What is required.
Once you find the line with "by apply: contra =>" in the entries below, return exactly every line from it through the line with "Proof. by move=> N1;".

Stored data entries:

Lemma sums_eq0_count_even (R : idomainType) (x y z : R) : 2 != 0 :> R -> x != 0 ->
  x ^+ 2 = y ^+ 2 -> y ^+ 2 = z ^+ 2 -> ~~ odd ((x + y == 0)%R + (y + z == 0)%R + (z + x == 0)%R)%N.
Proof.
move=> two_nz x_nz /esym/eqP + /esym/eqP; rewrite !eqf_sqr.
have xx_nz : x + x != 0 by rewrite -mulr2n -mulr_natl mulf_neq0.
by case/orP=> /eqP ->; case/orP=> /eqP ->;
  rewrite ?opprK ?addrN ?addNr ?eqxx -?opprD ?oppr_eq0 ?(negbTE xx_nz).
Qed.

Lemma conic_diff_sqr (R : comPzRingType) (e1 e2 e3 a b c : R) :
  e1 + e2 + e3 = 0 -> e1 * a ^+ 2 + e2 * b ^+ 2 + e3 * c ^+ 2 = 0 ->
  e1 * (a ^+ 2 - b ^+ 2) = e3 * (b ^+ 2 - c ^+ 2) /\
  e2 * (a ^+ 2 - b ^+ 2) = e3 * (c ^+ 2 - a ^+ 2).
Proof.
move=> /eqP; rewrite -addrA addr_eq0 => /eqP -> conic.
split; apply/eqP; rewrite -subr_eq0; [rewrite -conic | rewrite -oppr_eq0 -conic];
  by apply/eqP; ring.
Qed.

Section OddPrimeValuation.
Variable q : nat.
Hypotheses (q_pr : prime q) (q_odd : odd q).
Local Notation v x := (logn q (absz x)).

Lemma logn_absz_ndvd x : ~~ (q%:Z %| x)%Z -> v x = 0%N.
Proof. by move=> q_ndvd_x; apply: logn_coprime; rewrite prime_coprime // -dvdzE. Qed.

Lemma logn_absz_ndvdM e x : ~~ (q%:Z %| e)%Z -> v (e * x) = v x.
Proof.
move=> q_ndvd_e; have [-> | x_nz] := eqVneq x 0; first by rewrite mulr0.
have e_nz : e != 0 by apply: contraNneq q_ndvd_e => ->.
by rewrite abszM lognM ?absz_gt0 // logn_absz_ndvd.
Qed.

Lemma logn_absz_add x y : ~~ (q%:Z %| x)%Z ->
  v (x + y) = ((q%:Z %| (x + y)%R)%Z * v (x ^+ 2 - y ^+ 2)%R)%N.
Proof.
move=> q_ndvd_x; have -> : x ^+ 2 - y ^+ 2 = (x - y) * (x + y) by ring.
have [q_dvd_xy | ] := boolP (q%:Z %| x + y)%Z; last by move/logn_absz_ndvd.
rewrite mul1n logn_absz_ndvdM //; apply: contra q_ndvd_x.
move: q_dvd_xy; rewrite -!Fp_int_eq0 // rmorphD rmorphB /= => /eqP sum0 /eqP dif0.
have : 2%:R * x%:~R = 0 :> 'F_q.
  rewrite -(addr0 0) -{1}sum0 -dif0; ring.
by move/eqP; rewrite mulf_eq0 (negbTE (Fp_two_nz q_pr q_odd)).
Qed.

Lemma dvdz_ndvdM e x : ~~ (q%:Z %| e)%Z -> (q%:Z %| e * x)%Z = (q%:Z %| x)%Z.
Proof. by rewrite -!Fp_int_eq0 // rmorphM mulf_eq0 => /negbTE ->. Qed.

Lemma Fp_int_sqr_eq x y : (q%:Z %| x ^+ 2 - y ^+ 2)%Z -> x%:~R ^+ 2 = y%:~R ^+ 2 :> 'F_q.
Proof. by rewrite -Fp_int_eq0 // rmorphB !rmorphXn /= subr_eq0 => /eqP. Qed.

Lemma dvdz_sqrB x y : (q%:Z %| x ^+ 2 - y ^+ 2)%Z -> (q%:Z %| x)%Z = (q%:Z %| y)%Z.
Proof. by move/Fp_int_sqr_eq => xy; rewrite -!Fp_int_eq0 // -sqrf_eq0 xy sqrf_eq0. Qed.

Lemma logn_dvdz_ndvdM_eq e e' x y : ~~ (q%:Z %| e)%Z -> ~~ (q%:Z %| e')%Z ->
  e * x = e' * y -> v x = v y /\ (q%:Z %| x)%Z = (q%:Z %| y)%Z.
Proof.
move=> e_nd e'_nd exy; split.
  by rewrite -(logn_absz_ndvdM _ e_nd) exy logn_absz_ndvdM.
by rewrite -(dvdz_ndvdM _ e_nd) exy dvdz_ndvdM.
Qed.

Lemma logn_prod_sums_even (e1 e2 e3 a b c : int) : ~~ (q%:Z %| e1 * e2 * e3)%Z ->
  e1 + e2 + e3 = 0 -> e1 * a ^+ 2 + e2 * b ^+ 2 + e3 * c ^+ 2 = 0 ->
  ~~ [&& q%:Z %| a, q%:Z %| b & q%:Z %| c]%Z -> (a + b) * (b + c) * (c + a) != 0 ->
  ~~ odd (v ((a + b) * (b + c) * (c + a))).
Proof.
move=> e_nd e_sum conic abc_nd.
have [e1_nd e2_nd e3_nd] : [/\ ~~ (q%:Z %| e1)%Z, ~~ (q%:Z %| e2)%Z & ~~ (q%:Z %| e3)%Z].
  by move: e_nd; rewrite -!Fp_int_eq0 // !rmorphM /= !mulf_eq0 !negb_or => /andP[/andP[-> ->] ->].
have [rel_bc rel_ca] := conic_diff_sqr e_sum conic.
have [v_bc d_bc] := logn_dvdz_ndvdM_eq e3_nd e1_nd (esym rel_bc).
have [v_ca d_ca] := logn_dvdz_ndvdM_eq e3_nd e2_nd (esym rel_ca).
rewrite !mulf_eq0 !negb_or -andbA => /and3P[ab_nz bc_nz ca_nz].
rewrite !abszM !lognM ?muln_gt0 ?absz_gt0 ?ab_nz ?bc_nz ?ca_nz //.
have [dvd_ab | ndvd_ab] := boolP (q%:Z %| a ^+ 2 - b ^+ 2)%Z; last first.
  have sum_ndvd x y : ~~ (q%:Z %| x ^+ 2 - y ^+ 2)%Z -> ~~ (q%:Z %| x + y)%Z.
    by apply: contra => q_dvd; rewrite (_ : _ - _ = (x - y) * (x + y)) ?dvdz_mull //; ring.
  by rewrite !logn_absz_ndvd // sum_ndvd ?d_bc ?d_ca.
have a_b := dvdz_sqrB dvd_ab; have b_c := dvdz_sqrB (etrans d_bc dvd_ab).
have a_nd : ~~ (q%:Z %| a)%Z by apply: contra abc_nd => q_a; rewrite -b_c -a_b q_a.
have b_nd : ~~ (q%:Z %| b)%Z by rewrite -a_b.
have c_nd : ~~ (q%:Z %| c)%Z by rewrite -b_c.
rewrite (logn_absz_add _ a_nd) (logn_absz_add _ b_nd) (logn_absz_add _ c_nd).
rewrite v_bc v_ca -!mulnDl oddM; apply/nandP; left.
rewrite -!Fp_int_eq0 // !rmorphD /=.
apply: sums_eq0_count_even (Fp_two_nz q_pr q_odd) _ (Fp_int_sqr_eq dvd_ab) _.
  by rewrite Fp_int_eq0.
by apply: Fp_int_sqr_eq; rewrite d_bc.
Qed.

End OddPrimeValuation.

Lemma sums_div8 (a b c : int) :
  (a = 1 %[mod 4])%Z -> (b = 1 %[mod 4])%Z -> (c = 1 %[mod 4])%Z ->
  exists2 N : int, N * 8 = (a + b) * (b + c) * (c + a) & (N = 1 %[mod 4])%Z.
Proof.
move=> a1 b1 c1.
have [A ->] : exists A, a = 4 * A + 1 by exists (a %/ 4)%Z; lia.
have [B ->] : exists B, b = 4 * B + 1 by exists (b %/ 4)%Z; lia.
have [C ->] : exists C, c = 4 * C + 1 by exists (c %/ 4)%Z; lia.
exists ((2 * A + 2 * B + 1) * (2 * B + 2 * C + 1) * (2 * C + 2 * A + 1)); first by ring.
apply/eqP; rewrite eqz_mod_dvd; apply/dvdzP.
exists (A + B + C + (A + B) * (B + C) + (B + C) * (C + A) + (C + A) * (A + B)
        + 2 * (A + B) * (B + C) * (C + A)).
by ring.
Qed.

Lemma odd_half_absz_1mod4 (N : int) : (N = 1 %[mod 4])%Z -> odd (`|N|%N)./2 = (N < 0).
Proof. by move=> N1; rewrite -divn2; case: ltrP; lia. Qed.

Lemma Fp_euler_pow_1mod4 p (N : int) : (N = 1 %[mod 4])%Z ->
  (N%:~R : 'F_p) ^+ p./2 = (`|N|%:R) ^+ p./2 * (-1) ^+ (p./2 * (`|N|%N)./2).
Proof.
move=> N1; rewrite {1}[N]intEsign rmorphM rmorph_sign exprMn mulrC -exprM.
congr (_ * _); rewrite -[LHS]signr_odd -[RHS]signr_odd !oddM odd_half_absz_1mod4 //.
by rewrite oddb andbC.
Qed.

Written answer.
    by apply: contra => q_dvd; rewrite (_ : _ - _ = (x - y) * (x + y)) ?dvdz_mull //; ring.
  by rewrite !logn_absz_ndvd // sum_ndvd ?d_bc ?d_ca.
have a_b := dvdz_sqrB dvd_ab; have b_c := dvdz_sqrB (etrans d_bc dvd_ab).
have a_nd : ~~ (q%:Z %| a)%Z by apply: contra abc_nd => q_a; rewrite -b_c -a_b q_a.
have b_nd : ~~ (q%:Z %| b)%Z by rewrite -a_b.
have c_nd : ~~ (q%:Z %| c)%Z by rewrite -b_c.
rewrite (logn_absz_add _ a_nd) (logn_absz_add _ b_nd) (logn_absz_add _ c_nd).
rewrite v_bc v_ca -!mulnDl oddM; apply/nandP; left.
rewrite -!Fp_int_eq0 // !rmorphD /=.
apply: sums_eq0_count_even (Fp_two_nz q_pr q_odd) _ (Fp_int_sqr_eq dvd_ab) _.
  by rewrite Fp_int_eq0.
by apply: Fp_int_sqr_eq; rewrite d_bc.
Qed.

End OddPrimeValuation.

Lemma sums_div8 (a b c : int) :
  (a = 1 %[mod 4])%Z -> (b = 1 %[mod 4])%Z -> (c = 1 %[mod 4])%Z ->
  exists2 N : int, N * 8 = (a + b) * (b + c) * (c + a) & (N = 1 %[mod 4])%Z.
Proof.
move=> a1 b1 c1.
have [A ->] : exists A, a = 4 * A + 1 by exists (a %/ 4)%Z; lia.
have [B ->] : exists B, b = 4 * B + 1 by exists (b %/ 4)%Z; lia.
have [C ->] : exists C, c = 4 * C + 1 by exists (c %/ 4)%Z; lia.
exists ((2 * A + 2 * B + 1) * (2 * B + 2 * C + 1) * (2 * C + 2 * A + 1)); first by ring.
apply/eqP; rewrite eqz_mod_dvd; apply/dvdzP.
exists (A + B + C + (A + B) * (B + C) + (B + C) * (C + A) + (C + A) * (A + B)
        + 2 * (A + B) * (B + C) * (C + A)).
by ring.
Qed.

Lemma odd_half_absz_1mod4 (N : int) : (N = 1 %[mod 4])%Z -> odd (`|N|%N)./2 = (N < 0).
Proof. by move=> N1; rewrite -divn2; case: ltrP; lia. Qed.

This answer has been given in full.